Sorry if this boils your blood, but I wonder.


----------



## Jeff15 (Dec 11, 2021)

The best thing I ever did is get rid of my DSLR gear......


----------



## 480sparky (Dec 11, 2021)

Many of the 'features' are software-driven.  They don't add any weight or mechanicals to the camera.


----------



## Ysarex (Dec 11, 2021)

Dave Maciak said:


> Back in prehistoric times I moved up from an F to an FTN,  Wow! A camera with an onboard light meter!  What next? This afternoon I read the Nikon ad and tech specs for the Z9.
> Unless you're a pro, do you really need all of that or do you just like to have all those features--and never use most?
> Reminds me of some of the 4WD vehicles I see loaded with everything to go off road.  Most go off road through the carwash and never see dirt.  Don't get me wrong, I use a D780 and a lot of features are rarely used or just ignored.
> Sorry if this boils your blood, but I wonder.

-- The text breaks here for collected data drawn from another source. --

(* Let $f:[0,1]\to\mathbb{R}^{+}$ be a decreasing function with continuous first and second derivatives. Let $a,b>0$ and define $t(x)=1-a(1-x)\dfrac{f(x)}{f(x)+b}$. If $f''(x)\bigl(f(x)+b\bigr)\ge 2\bigl(f'(x)\bigr)^2$ for all $x$, then $t$ is concave. *)

From Stdlib Require Import Reals Lra.
Open Scope R_scope.

Definition I01 (x : R) : Prop := 0 <= x <= 1.

(* g' is the derivative of g at x relative to the domain D (one-sided at
   boundary points of D, as for a function defined only on [0,1]). *)
Definition has_deriv_within (D : R -> Prop) (g g' : R -> R) (x : R) : Prop :=
  forall eps : R, 0 < eps -> exists delta : R, 0 < delta /\
    forall y : R, D y -> y <> x -> Rabs (y - x) < delta ->
      Rabs ((g y - g x) / (y - x) - g' x) < eps.

Definition continuous_within (D : R -> Prop) (g : R -> R) (x : R) : Prop :=
  forall eps : R, 0 < eps -> exists delta : R, 0 < delta /\
    forall y : R, D y -> Rabs (y - x) < delta -> Rabs (g y - g x) < eps.

Definition concave_on (D : R -> Prop) (g : R -> R) : Prop :=
  forall x y l : R, D x -> D y -> 0 <= l <= 1 ->
    l * g x + (1 - l) * g y <= g (l * x + (1 - l) * y).

(** The derivative of [t] is [t' = a g - a b (1 - x) k] with [g = f / (f + b)] and
    [k = f' / (f + b)^2].  Since [f] decreases, [g] is nonincreasing and [k <= 0];
    moreover [k' = (f'' (f + b) - 2 f'^2) / (f + b)^3 >= 0] by hypothesis, so [k]
    is nondecreasing and hence so is [(1 - x) k].  Thus [t'] is nonincreasing on
    [(0,1)], [t] is concave there by the mean value theorem, and concavity passes to
    [[0,1]] by continuity. *)

From Stdlib Require Import Reals Lra Psatz.
From Coquelicot Require Import Coquelicot.
Open Scope R_scope.

Lemma has_deriv_within_interior D g g' x r :
  0 < r -> (forall y, Rabs (y - x) < r -> D y) ->
  has_deriv_within D g g' x -> derivable_pt_lim g x (g' x).
Proof.
  intros r_pos near_D Hg eps eps_pos.
  destruct (Hg eps eps_pos) as [d [d_pos Hd]].
  assert (dr_pos : 0 < Rmin d r) by (apply Rmin_glb_lt; lra).
  exists (mkposreal _ dr_pos); simpl; intros h h_neq h_small.
  pose proof (Rmin_l d r); pose proof (Rmin_r d r).
  specialize (Hd (x + h)).
  replace (x + h - x) with h in Hd by ring.
  apply Hd; [apply near_D | |]; try (replace (x + h - x) with h by ring); lra.
Qed.

Lemma has_deriv_within_continuous D g g' x :
  D x -> has_deriv_within D g g' x -> continuous_within D g x.
Proof.
  intros Dx Hg eps eps_pos.
  destruct (Hg 1 Rlt_0_1) as [d [d_pos Hd]].
  set (M := Rabs (g' x) + 1).
  assert (M_pos : 0 < M) by (unfold M; pose proof (Rabs_pos (g' x)); lra).
  assert (eM_pos : 0 < eps / M) by (apply Rdiv_lt_0_compat; lra).
  exists (Rmin d (eps / M)); split; [now apply Rmin_glb_lt|].
  intros y Dy y_near.
  pose proof (Rmin_l d (eps / M)); pose proof (Rmin_r d (eps / M)).
  destruct (Req_dec y x) as [->|y_neq].
  { unfold Rminus; rewrite Rplus_opp_r, Rabs_R0; lra. }
  specialize (Hd y Dy y_neq ltac:(lra)).
  assert (slope_bound : Rabs ((g y - g x) / (y - x)) < M).
  { pose proof (Rabs_triang ((g y - g x) / (y - x) - g' x) (g' x)).
    replace ((g y - g x) / (y - x) - g' x + g' x) with ((g y - g x) / (y - x))
      in * by ring.
    unfold M; lra. }
  replace (g y - g x) with ((g y - g x) / (y - x) * (y - x)) by (field; lra).
  rewrite Rabs_mult.
  assert (eps / M * M = eps) by (field; lra).
  pose proof (Rabs_pos ((g y - g x) / (y - x))); pose proof (Rabs_pos (y - x)).
  nra.
Qed.

Lemma continuous_within_limit1_in D g x :
  continuous_within D g x <-> limit1_in g D (g x) x.
Proof.
  split; intros Hg eps eps_pos; destruct (Hg eps eps_pos) as [d [d_pos Hd]];
    exists d; (split; [lra|]).
  - intros y [Dy y_near]; exact (Hd y Dy y_near).
  - intros y Dy y_near; exact (Hd y (conj Dy y_near)).
Qed.

Lemma continuous_within_t D f a b x :
  continuous_within D f x -> f x + b <> 0 ->
  continuous_within D (fun y => 1 - a * (1 - y) * (f y / (f y + b))) x.
Proof.
  intros Hf denom_neq0; apply continuous_within_limit1_in.
  apply continuous_within_limit1_in in Hf.
  assert (cst : forall c, limit1_in (fun _ => c) D c x) by (intro c; exact (limit_free (fun _ => c) D x x)).
  assert (id : limit1_in (fun y => y) D x x) by (intros e e_pos; exists e; now split).
  apply limit_minus; [apply cst|].
  apply limit_mul; [apply limit_mul; [apply cst | now apply limit_minus]|].
  apply limit_mul; [exact Hf|].
  apply limit_inv; [now apply limit_plus | exact denom_neq0].
Qed.

Lemma derive_nonpos_of_nonincreasing g x v l :
  x < v -> (forall y, x < y < v -> g y <= g x) -> derivable_pt_lim g x l -> l <= 0.
Proof.
  intros x_lt_v g_dec Hg.
  destruct (Rle_or_lt l 0) as [|l_pos]; [assumption|exfalso].
  destruct (Hg l l_pos) as [[d d_pos] Hd]; simpl in Hd.
  set (h := Rmin (d / 2) ((v - x) / 2)).
  pose proof (Rmin_l (d / 2) ((v - x) / 2)) as h_le_d; pose proof (Rmin_r (d / 2) ((v - x) / 2)) as h_le_v.
  fold h in h_le_d, h_le_v.
  assert (h_pos : 0 < h) by (apply Rmin_glb_lt; lra).
  specialize (Hd h ltac:(lra) ltac:(rewrite Rabs_right; lra)).
  assert (quot_nonpos : (g (x + h) - g x) / h <= 0).
  { assert (g (x + h) <= g x) by (apply g_dec; lra).
    unfold Rdiv; pose proof (Rinv_0_lt_compat h h_pos); nra. }
  apply Rabs_def2 in Hd; lra.
Qed.

Lemma nondecreasing_of_derive_nonneg g g' u v :
  (forall x, u < x < v -> derivable_pt_lim g x (g' x)) ->
  (forall x, u < x < v -> 0 <= g' x) ->
  forall x y, u < x -> x <= y -> y < v -> g x <= g y.
Proof.
  intros Hg g'_nonneg x y ux [x_lt_y| ->] yv; [|lra].
  destruct (MVT_cor2 g g' x y x_lt_y) as [c [mvt c_in]].
  { intros c c_in; apply Hg; lra. }
  assert (0 <= g' c) by (apply g'_nonneg; lra).
  nra.
Qed.

Lemma concave_of_derive_nonincreasing T T' u v :
  (forall x, u < x < v -> derivable_pt_lim T x (T' x)) ->
  (forall x y, u < x -> x <= y -> y < v -> T' y <= T' x) ->
  forall x y l, u < x < v -> u < y < v -> 0 <= l <= 1 ->
    l * T x + (1 - l) * T y <= T (l * x + (1 - l) * y).
Proof.
  intros HT T'_dec.
  assert (ordered : forall x y l, u < x -> x < y -> y < v -> 0 < l < 1 ->
     l * T x + (1 - l) * T y <= T (l * x + (1 - l) * y)).
  { intros x y l ux x_lt_y yv l_in.
    set (z := l * x + (1 - l) * y).
    assert (x < z < y) by (unfold z; split; nra).
    destruct (MVT_cor2 T T' x z) as [c1 [mvt1 c1_in]]; [lra| intros; apply HT; lra |].
    destruct (MVT_cor2 T T' z y) as [c2 [mvt2 c2_in]]; [lra| intros; apply HT; lra |].
    assert (T' c2 <= T' c1) by (apply T'_dec; lra).
    assert (l * T x + (1 - l) * T y - T z = l * (1 - l) * (y - x) * (T' c2 - T' c1)).
    { replace (l * T x + (1 - l) * T y - T z)
        with (- l * (T z - T x) + (1 - l) * (T y - T z)) by ring.
      rewrite mvt1, mvt2; unfold z; ring. }
    assert (0 <= l * (1 - l) * (y - x)) by (apply Rmult_le_pos; nra).
    nra. }
  intros x y l x_in y_in l_in.
  destruct (Req_dec l 0) as [->|l_neq0].
  { replace (0 * x + (1 - 0) * y) with y by ring; lra. }
  destruct (Req_dec l 1) as [->|l_neq1].
  { replace (1 * x + (1 - 1) * y) with x by ring; lra. }
  destruct (Rtotal_order x y) as [x_lt_y|[<-|y_lt_x]].
  - apply ordered; lra.
  - replace (l * x + (1 - l) * x) with x by ring; lra.
  - pose proof (ordered y x (1 - l) ltac:(lra) y_lt_x ltac:(lra) ltac:(lra)) as H.
    replace (1 - (1 - l)) with l in H by ring.
    replace ((1 - l) * y + l * x) with (l * x + (1 - l) * y) in H by ring; lra.
Qed.

Lemma concave_on_I01_of_interior T :
  (forall x y l, 0 < x < 1 -> 0 < y < 1 -> 0 <= l <= 1 ->
    l * T x + (1 - l) * T y <= T (l * x + (1 - l) * y)) ->
  (forall x, I01 x -> continuous_within I01 T x) -> concave_on I01 T.
Proof.
  intros T_concave T_cont x y l x_in y_in l_in; unfold I01 in *.
  set (z := l * x + (1 - l) * y).
  assert (z_in : I01 z) by (unfold I01, z; nra).
  destruct (Rle_or_lt (l * T x + (1 - l) * T y) (T z)) as [|gap]; [assumption|exfalso].
  set (eps := (l * T x + (1 - l) * T y - T z) / 3).
  assert (eps_pos : 0 < eps) by (unfold eps; lra).
  destruct (T_cont x x_in eps eps_pos) as [d1 [d1_pos C1]].
  destruct (T_cont y y_in eps eps_pos) as [d2 [d2_pos C2]].
  destruct (T_cont z z_in eps eps_pos) as [d3 [d3_pos C3]].
  set (e := Rmin (1 / 2) (Rmin d1 (Rmin d2 d3))).
  assert (e_pos : 0 < e) by (unfold e; repeat apply Rmin_glb_lt; lra).
  assert (e <= 1 / 2 /\ e <= d1 /\ e <= d2 /\ e <= d3) as (e_le & e_d1 & e_d2 & e_d3).
  { unfold e; pose proof (Rmin_l (1 / 2) (Rmin d1 (Rmin d2 d3))).
    pose proof (Rmin_r (1 / 2) (Rmin d1 (Rmin d2 d3))).
    pose proof (Rmin_l d1 (Rmin d2 d3)); pose proof (Rmin_r d1 (Rmin d2 d3)).
    pose proof (Rmin_l d2 d3); pose proof (Rmin_r d2 d3). lra. }
  (* an affine map that pushes [0,1] into (0,1), moves points by less than e,
     and commutes with convex combinations *)
  set (shrink := fun s => (1 - e) * s + e / 2).
  assert (shrink_in : forall s, 0 <= s <= 1 -> 0 < shrink s < 1)
    by (intros s Hs; unfold shrink; nra).
  assert (shrink_near : forall s, 0 <= s <= 1 -> Rabs (shrink s - s) < e)
    by (intros s Hs; unfold shrink; apply Rabs_def1; nra).
  assert (l * shrink x + (1 - l) * shrink y = shrink z) as shrink_z
    by (unfold shrink, z; ring).
  pose proof (T_concave _ _ l (shrink_in x x_in) (shrink_in y y_in) l_in) as Hs.
  rewrite shrink_z in Hs.
  assert (near : forall s d, 0 <= s <= 1 -> e <= d -> I01 (shrink s) /\ Rabs (shrink s - s) < d).
  { intros s d s_in e_d; pose proof (shrink_in s s_in); pose proof (shrink_near s s_in).
    unfold I01; split; lra. }
  destruct (near x d1 x_in e_d1) as [I1 N1].
  destruct (near y d2 y_in e_d2) as [I2 N2].
  destruct (near z d3 z_in e_d3) as [I3 N3].
  pose proof (Rabs_def2 _ _ (C1 _ I1 N1)); pose proof (Rabs_def2 _ _ (C2 _ I2 N2)).
  pose proof (Rabs_def2 _ _ (C3 _ I3 N3)).
  unfold eps in *; nra.
Qed.

Lemma is_derive_t (f f1 : R -> R) a b x :
  is_derive f x (f1 x) -> 0 < f x + b ->
  is_derive (fun y => 1 - a * (1 - y) * (f y / (f y + b))) x
    (a * (f x / (f x + b)) - a * b * (1 - x) * (f1 x / (f x + b) ^ 2)).
Proof.
  intros Hf denom_pos; auto_derive.
  - repeat split; try (eexists; eassumption); lra.
  - replace (Derive _ x) with (f1 x) by (symmetry; now apply is_derive_unique).
    field; lra.
Qed.

Lemma is_derive_k (f f1 f2 : R -> R) b x :
  is_derive f x (f1 x) -> is_derive f1 x (f2 x) -> 0 < f x + b ->
  is_derive (fun y => f1 y / (f y + b) ^ 2) x
    ((f2 x * (f x + b) - 2 * f1 x ^ 2) / (f x + b) ^ 3).
Proof.
  intros Hf Hf1 denom_pos; auto_derive.
  - repeat split; try (eexists; eassumption).
    rewrite Rmult_1_r; apply Rmult_integral_contrapositive_currified; lra.
  - replace (Derive (fun y => f y) x) with (f1 x) by (symmetry; now apply is_derive_unique).
    replace (Derive (fun y => f1 y) x) with (f2 x) by (symmetry; now apply is_derive_unique).
    field; lra.
Qed.

Section ConcaveTransform.

Variables (f f1 f2 : R -> R) (a b : R).
Hypothesis f_pos : forall x, 0 < x < 1 -> 0 < f x.
Hypothesis f_nonincreasing : forall x y, 0 < x -> x <= y -> y < 1 -> f y <= f x.
Hypothesis f_derive : forall x, 0 < x < 1 -> is_derive f x (f1 x).
Hypothesis f1_derive : forall x, 0 < x < 1 -> is_derive f1 x (f2 x).
Hypothesis a_pos : 0 < a.
Hypothesis b_pos : 0 < b.
Hypothesis f2_ineq : forall x, 0 < x < 1 -> 2 * f1 x ^ 2 <= f2 x * (f x + b).

Lemma f1_nonpos x : 0 < x < 1 -> f1 x <= 0.
Proof.
  intros x_in; apply (derive_nonpos_of_nonincreasing f x 1); [lra| |].
  - intros y y_in; apply f_nonincreasing; lra.
  - now apply is_derive_Reals, f_derive.
Qed.

Lemma ratio_nonincreasing x y :
  0 < x -> x <= y -> y < 1 -> f y / (f y + b) <= f x / (f x + b).
Proof.
  intros x_pos x_le_y y_lt1.
  assert (f y <= f x) by now apply f_nonincreasing.
  assert (0 < f x) by (apply f_pos; lra); assert (0 < f y) by (apply f_pos; lra).
  assert (f x / (f x + b) - f y / (f y + b) = b * (f x - f y) / ((f x + b) * (f y + b)))
    by (field; lra).
  enough (0 <= b * (f x - f y) / ((f x + b) * (f y + b))) by lra.
  apply Rdiv_le_0_compat; nra.
Qed.

Lemma k_nondecreasing x y :
  0 < x -> x <= y -> y < 1 -> f1 x / (f x + b) ^ 2 <= f1 y / (f y + b) ^ 2.
Proof.
  apply (nondecreasing_of_derive_nonneg (fun z => f1 z / (f z + b) ^ 2)
    (fun z => (f2 z * (f z + b) - 2 * f1 z ^ 2) / (f z + b) ^ 3)).
  - intros z z_in; apply is_derive_Reals, is_derive_k; auto.
    pose proof (f_pos z z_in); lra.
  - intros z z_in; pose proof (f_pos z z_in); pose proof (f2_ineq z z_in).
    apply Rdiv_le_0_compat; [lra | apply pow_lt; lra].
Qed.

Lemma t_concave_interior x y l :
  0 < x < 1 -> 0 < y < 1 -> 0 <= l <= 1 ->
  let t z := 1 - a * (1 - z) * (f z / (f z + b)) in
  l * t x + (1 - l) * t y <= t (l * x + (1 - l) * y).
Proof.
  intros x_in y_in l_in.
  apply (concave_of_derive_nonincreasing _
    (fun z => a * (f z / (f z + b)) - a * b * (1 - z) * (f1 z / (f z + b) ^ 2)) 0 1);
    [| | assumption..].
  - intros z z_in; apply is_derive_Reals, is_derive_t; auto.
    pose proof (f_pos z z_in); lra.
  - intros u v u_pos u_le_v v_lt1.
    pose proof (ratio_nonincreasing u v u_pos u_le_v v_lt1).
    pose proof (k_nondecreasing u v u_pos u_le_v v_lt1).
    assert (f1 v / (f v + b) ^ 2 <= 0).
    { pose proof (f1_nonpos v ltac:(lra)); pose proof (f_pos v ltac:(lra)).
      pose proof (Rinv_0_lt_compat _ (pow_lt (f v + b) 2 ltac:(lra))).
      unfold Rdiv; nra. }
    assert ((1 - u) * (f1 u / (f u + b) ^ 2) <= (1 - v) * (f1 v / (f v + b) ^ 2)) by nra.
    assert (0 <= a * b) by nra.
    nra.
Qed.

End ConcaveTransform.

Theorem proposition2 (f f1 f2 : R -> R) (a b : R) :
  (* f : [0,1] -> R^+ *)
  (forall x, I01 x -> 0 < f x) ->
  (* f is decreasing on [0,1] *)
  (forall x y, I01 x -> I01 y -> x <= y -> f y <= f x) ->
  (* f has continuous first and second derivatives f1 = f', f2 = f'' on [0,1] *)
  (forall x, I01 x -> has_deriv_within I01 f f1 x) ->
  (forall x, I01 x -> has_deriv_within I01 f1 f2 x) ->
  (forall x, I01 x -> continuous_within I01 f1 x) ->
  (forall x, I01 x -> continuous_within I01 f2 x) ->
  0 < a -> 0 < b ->
  (forall x, I01 x -> f2 x * (f x + b) >= 2 * (f1 x) ^ 2) ->
  concave_on I01 (fun x => 1 - a * (1 - x) * (f x / (f x + b))).
Proof.
  intros f_pos f_dec f_deriv f1_deriv _ _ a_pos b_pos f2_ineq.
  assert (interior_derive : forall g g', (forall x, I01 x -> has_deriv_within I01 g g' x) ->
            forall x, 0 < x < 1 -> is_derive g x (g' x)).
  { intros g g' Hg x x_in; apply is_derive_Reals.
    apply (has_deriv_within_interior I01 _ _ _ (Rmin x (1 - x))).
    - apply Rmin_glb_lt; lra.
    - intros y y_near; pose proof (Rmin_l x (1 - x)); pose proof (Rmin_r x (1 - x)).
      apply Rabs_def2 in y_near; unfold I01; lra.
    - apply Hg; unfold I01; lra. }
  apply concave_on_I01_of_interior.
  - intros x y l x_in y_in l_in.
    apply (t_concave_interior f f1 f2 a b); try assumption.
    + intros z z_in; apply f_pos; unfold I01; lra.
    + intros u v u_pos u_le_v v_lt1; apply f_dec; unfold I01; lra.
    + now apply interior_derive.
    + now apply interior_derive.
    + intros z z_in; apply Rge_le, f2_ineq; unfold I01; lra.
  - intros x x_in; apply continuous_within_t.
    + now apply (has_deriv_within_continuous _ _ f1), f_deriv.
    + pose proof (f_pos x x_in); lra.
Qed.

Comes with the camera, you're free to ignore. I have a Nikon Z7. I bought it for the sensor. I use the sensor and I use the light meter and metering functions to help me better use the sensor, I use the EC function and semi-auto exposure modes to better help me use the sensor and I use the single focus point AF function frequently but not always. If the camera does anything else I don't want to know about it.

I started with film and cameras without built-in light meters back in the late 60s. When digital showed up I made the switch -- very positive move. Digital is so much easier.


----------



## Hardus Nameous (Dec 11, 2021)

I don't use all the features on my D3200.  I also haven't used the self timer on my FTN so technically I haven't even used all the features of that camera either.  I am an amateur of amateurs though.......


----------



## 480sparky (Dec 11, 2021)

I can't think of any camera I've ever used, no matter when, where I used the T setting.


----------



## NS: Nikon Shooter (Dec 11, 2021)

480sparky said:


> Many of the 'features' are software-driven.  They don't add any weight or mechanicals to the camera.



+1


----------



## ac12 (Dec 11, 2021)

No
I probably use less than 20% of the functionality of my camera.  And I don't do any video.

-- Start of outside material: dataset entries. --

Lemma unstep_eq s J x : unstep s (s :: J) x = 0 :: 0 :: unstep s J x.
Proof. by case: x => [|c x] /=; rewrite eqxx. Qed.

Lemma unstep_split s v c J x : s < v -> v < s + c ->
  unstep s (v :: J) (c :: x) = (v - s) :: 0 :: unstep v J ((s + c - v) :: x).
Proof. by move=> sv vc /=; rewrite gt_eqF // vc. Qed.

Lemma unstep_pass s v c J x : 0 < c -> s + c <= v ->
  unstep s (v :: J) (c :: x) = c :: unstep (s + c) (v :: J) x.
Proof.
move=> c0 cv /=; rewrite gt_eqF ?(lt_le_trans _ cv) ?ltrDl //.
by rewrite ltNge cv.
Qed.

Lemma unstep_end s v J : s < v ->
  unstep s (v :: J) [::] = (v - s) :: 0 :: unstep v J [::].
Proof. by move=> sv /=; rewrite gt_eqF. Qed.

Definition admissible s J x : bool :=
  [&& sorted <=%R J, all (fun w => s <= w) J & all (fun a => 0 < a) x].

Lemma admissible_pos s J x : admissible s J x -> all (fun a => 0 < a) x.
Proof. by case/and3P. Qed.

Lemma admissible_ind (P : R -> seq R -> seq R -> Prop) :
  (forall s x, all (fun a => 0 < a) x -> P s [::] x) ->
  (forall s J x, admissible s J x -> P s J x -> P s (s :: J) x) ->
  (forall s v c J x, s < v -> v < s + c -> admissible v J ((s + c - v) :: x) ->
     P v J ((s + c - v) :: x) -> P s (v :: J) (c :: x)) ->
  (forall s v c J x, 0 < c -> s + c <= v -> admissible (s + c) (v :: J) x ->
     P (s + c) (v :: J) x -> P s (v :: J) (c :: x)) ->
  (forall s v J, s < v -> admissible v J [::] -> P v J [::] -> P s (v :: J) [::]) ->
  forall s J x, admissible s J x -> P s J x.
Proof.
move=> Pnil Peq Psplit Ppass Pend s J; elim: J s => [|v J IH] s x.
  by move=> /and3P [_ _ /Pnil].
move=> /and3P [/= Jv /andP [sv sJ] px].
have [Jsorted vJ] : sorted <=%R J /\ all (fun w => v <= w) J.
  by split; [exact: path_sorted Jv | exact: order_path_min le_trans Jv].
have admJ t y : t <= v -> all (fun a => 0 < a) y -> admissible t J y.
  by move=> tv py; apply/and3P; split=> //; apply/allP => w /(allP vJ); apply: le_trans.
have [<-|nvs] := eqVneq v s.
  by have aJ := admJ _ _ (lexx v) px; apply: Peq aJ (IH _ _ aJ).
have {nvs}sv : s < v by rewrite lt_def nvs.
elim: x s sv sJ px => [|c x IHx] s sv sJ /=.
  by move=> _; have aJ := admJ _ [::] (lexx v) isT; apply: Pend sv aJ (IH _ _ aJ).
move=> /andP [c0 px]; have [vc|cv] := ltP v (s + c).
  have px' : all (fun a => 0 < a) ((s + c - v) :: x) by rewrite /= subr_gt0 vc.
  by have aJ := admJ _ _ (lexx v) px'; apply: Psplit sv vc aJ (IH _ _ aJ).
have sJ' : all (fun w => s + c <= w) J by apply/allP => w /(allP vJ); apply: le_trans.
have adm' : admissible (s + c) (v :: J) x by rewrite /admissible /= Jv cv sJ' px.
apply: (Ppass _ _ _ _ _ c0 cv adm').
have [<-|ncv] := eqVneq v (s + c).
  by have aJ := admJ _ _ (lexx v) px; apply: Peq aJ (IH _ _ aJ).
by apply: IHx sJ' px; rewrite lt_def ncv.
Qed.

Lemma lead_zeros_unstep s J x :
  admissible s J x -> ~~ odd (lead_zeros (unstep s J x)).
Proof.
move: s J x; apply: admissible_ind.
- by move=> s x px; rewrite lead_zeros_pos.
- by move=> s J x _ IH; rewrite unstep_eq !lead_zeros0 /= negbK.
- move=> s v c J x sv vc _ _.
  by rewrite unstep_split // lead_zeros_nz // subr_eq0 gt_eqF.
- by move=> s v c J x c0 cv _ _; rewrite unstep_pass // lead_zeros_nz // gt_eqF.
- by move=> s v J sv _ _; rewrite unstep_end // lead_zeros_nz // subr_eq0 gt_eqF.
Qed.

But it allows more people to use the same camera.
Example, I probably use less than 20% of the functionality of my camera (no video).  But someone else may use a different 20% (some video), and someone else yet another different 20% (LOTS of video).  But we use the same camera, rather than three different cameras.


----------



## NS: Nikon Shooter (Dec 11, 2021)

-

This is a place to confuse things bit.

Throughout the menus, there are options to do or not and possibly
in 3, 5, or more flavours. Every time, a choice must be made. When
it is done… why think about it anymore.

My D850, for one, is set so that I have no more than three things to
check or confirm prior to SR. That doesn't mean that I use only three
controls on it but that I am left with only those.

I am sure many are not aware that they use their cameras a lot more
than they think.

Am I confusing things even more?


----------



## MartinCrabtree (Dec 11, 2021)

I have an F5 and am far from using everything it offers. However there's a few I find rather handy. I've had it long enough to have used most of the features at least once. It's equipped with the MF-28 back so has even more than a standard F5. One I've yet to use but am itching to is trap focus. I want to use it at the race track in a specific corner that offers interesting action. 

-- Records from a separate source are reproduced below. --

(* In the marked Hawkes model described in the context (with $\kappa<1$), if $X=f(A)\in\mathrm{MDA}(G)$, then the maximal claim size $H$ in one cluster also belongs to $\mathrm{MDA}(G)$.
   Context: $G$ is one of the three extreme value distributions, $\mathbb E=\{y:G(y)>0\}$; a real random variable $X$ belongs to $\mathrm{MDA}(G)$ if there exist $a_n>0,b_n\in\mathbb R$ with $n\,\mathbb P(X>a_nx+b_n)\to-\log G(x)$ for all $x\in\mathbb E$. Marked Hawkes model (cluster representation): $\mathbb S$ is a Polish space, $Q$ a probability on $\mathbb S$, $f:\mathbb S\to\mathbb R_+$ measurable, $\nu>0$, and $h:[0,\infty)\times\mathbb S\to\mathbb R_+$ measurable with $\kappa_a=\int_0^\infty h(s,a)\,ds$ and $\kappa=\mathbb E[\kappa_A]<1$, $A\sim Q$. The immigrants $(\Gamma_i,A_i)$ form a Poisson process on $[0,\infty)\times\mathbb S$ with mean measure $\nu\,ds\times Q$. Each immigrant generates a cluster: it contains the point $(\Gamma_i,A_i)$; recursively, given a point of the cluster at time $s$ with mark $a$, its direct offspring form (conditionally on all previous generations, independently over points) a Poisson process on $[s,\infty)\times\mathbb S$ with mean measure $h(u-s,a)\,du\times Q(db)$; the cluster consists of all points of all generations, and $K+1$ denotes its (a.s. finite) total number of points. All marks are i.i.d. with law $Q$. The maximal claim size in one cluster is $H=\max\{f(b):(u,b)\text{ a point of the cluster}\}$, and $X=f(A)$, $A\sim Q$. *)

From HB Require Import structures.
From mathcomp Require Import all_boot all_order all_algebra.
From mathcomp Require Import all_classical all_reals all_analysis.
Set Implicit Arguments. Unset Strict Implicit. Unset Printing Implicit Defensive.
Import Order.TTheory GRing.Theory Num.Theory.
Import numFieldNormedType.Exports.
Local Open Scope classical_set_scope.
Local Open Scope ring_scope.

Section Defs.
Context {R : realType}.

Definition frechet (alpha : R) (x : R) : R :=
  if x <= 0 then 0 else expR (- (x `^ (- alpha))).
Definition weibull (alpha : R) (x : R) : R :=
  if x < 0 then expR (- ((- x) `^ alpha)) else 1.
Definition gumbel (x : R) : R := expR (- expR (- x)).

Definition is_EVD (G : R -> R) : Prop :=
  (exists2 alpha, 0 < alpha & G = frechet alpha) \/
  (exists2 alpha, 0 < alpha & G = weibull alpha) \/
  G = gumbel.

Definition EVD_support (G : R -> R) : set R := [set y | 0 < G y].

Definition in_MDA {d} {T : measurableType d} (mu : probability T R)
  (X : T -> \bar R) (G : R -> R) : Prop :=
  exists a b : nat -> R, (forall n, 0 < a n) /\
    forall x, EVD_support G x ->
      (fun n : nat => n%:R * fine (mu [set w | ((a n * x + b n)%:E < X w)%E]))
        @ \oo --> - ln (G x).

Definition kappa {dS} {S : measurableType dS} (h : R * S -> R) (a : S) : \bar R :=
  (\int[lebesgue_measure]_(s in `[0%R, +oo[) (h (s, a))%:E)%E.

That being said I have a '72 Nikon F I enjoy using too. Meter's toast so I use it with my Weston Master II. I have a Nikon FM2n too. Nice simple camera that is a joy to use. A couple Nikon digitals too. In the end it's horses for courses. I find it better to have and not need than to be left wanting.


----------



## weepete (Dec 11, 2021)

Nah, most people see my car and probably think I'm an 4x4 SUV soccer mom. But on the weekends I go target shooting, fishing, and out into hills in winter.


----------



## Lez325 (Dec 12, 2021)

weepete said:


> Nah, most people see my car and probably think I'm an 4x4 SUV soccer mom. But on the weekends I go target shooting, fishing, and out into hills in winter.


Me too - I have a Landrover Discovery 2019 with all the kit- I was a Gamekeeper until I retired last year I go shooting( .223 & 243 to name a couple ) too and an off road 4x4 is a must for me - especially for photographing wildlife 

I digress_ shoot with several Sony FF bodies and once the menus / settings have been set I leave them set - probably don't use more than 40% of capability

Les


----------



## Lonnie1212 (Dec 12, 2021)

This has been a very good thread and I've enjoyed reading the responses of others. I have often thought that most electronic items have options that most people will never use.  The same is especially true of cameras..


----------



## RAZKY (Dec 12, 2021)

I use the viewfinder, meter, and shutter release button. Most everything else is a playpretty.


----------



## snowbear (Dec 12, 2021)

I use some features on the D750, ignore others, like video.  I bought it for the sensor, not all of the features.

Our Gladiator, though capable, is bone stock; I have no plans to stray.  No off-roading yet, but I do plan on some "soft" roads once we are done with some extended family things.  Hoping this will lead to some photo ops.


----------



## Dave Maciak (Dec 12, 2021)

MartinCrabtree said:


> I have an F5 and am far from using everything it offers. However there's a few I find rather handy. I've had it long enough to have used most of the features at least once. It's equipped with the MF-28 back so has even more than a standard F5. One I've yet to use but am itching to is trap focus. I want to use it at the race track in a specific corner that offers interesting action.
> 
> That being said I have a '72 Nikon F I enjoy using too. Meter's toast so I use it with my Weston Master II. I have a Nikon FM2n too. Nice simple camera that is a joy to use. A couple Nikon digitals too. In the end it's horses for courses. I find it better to have and not need than to be left wanting.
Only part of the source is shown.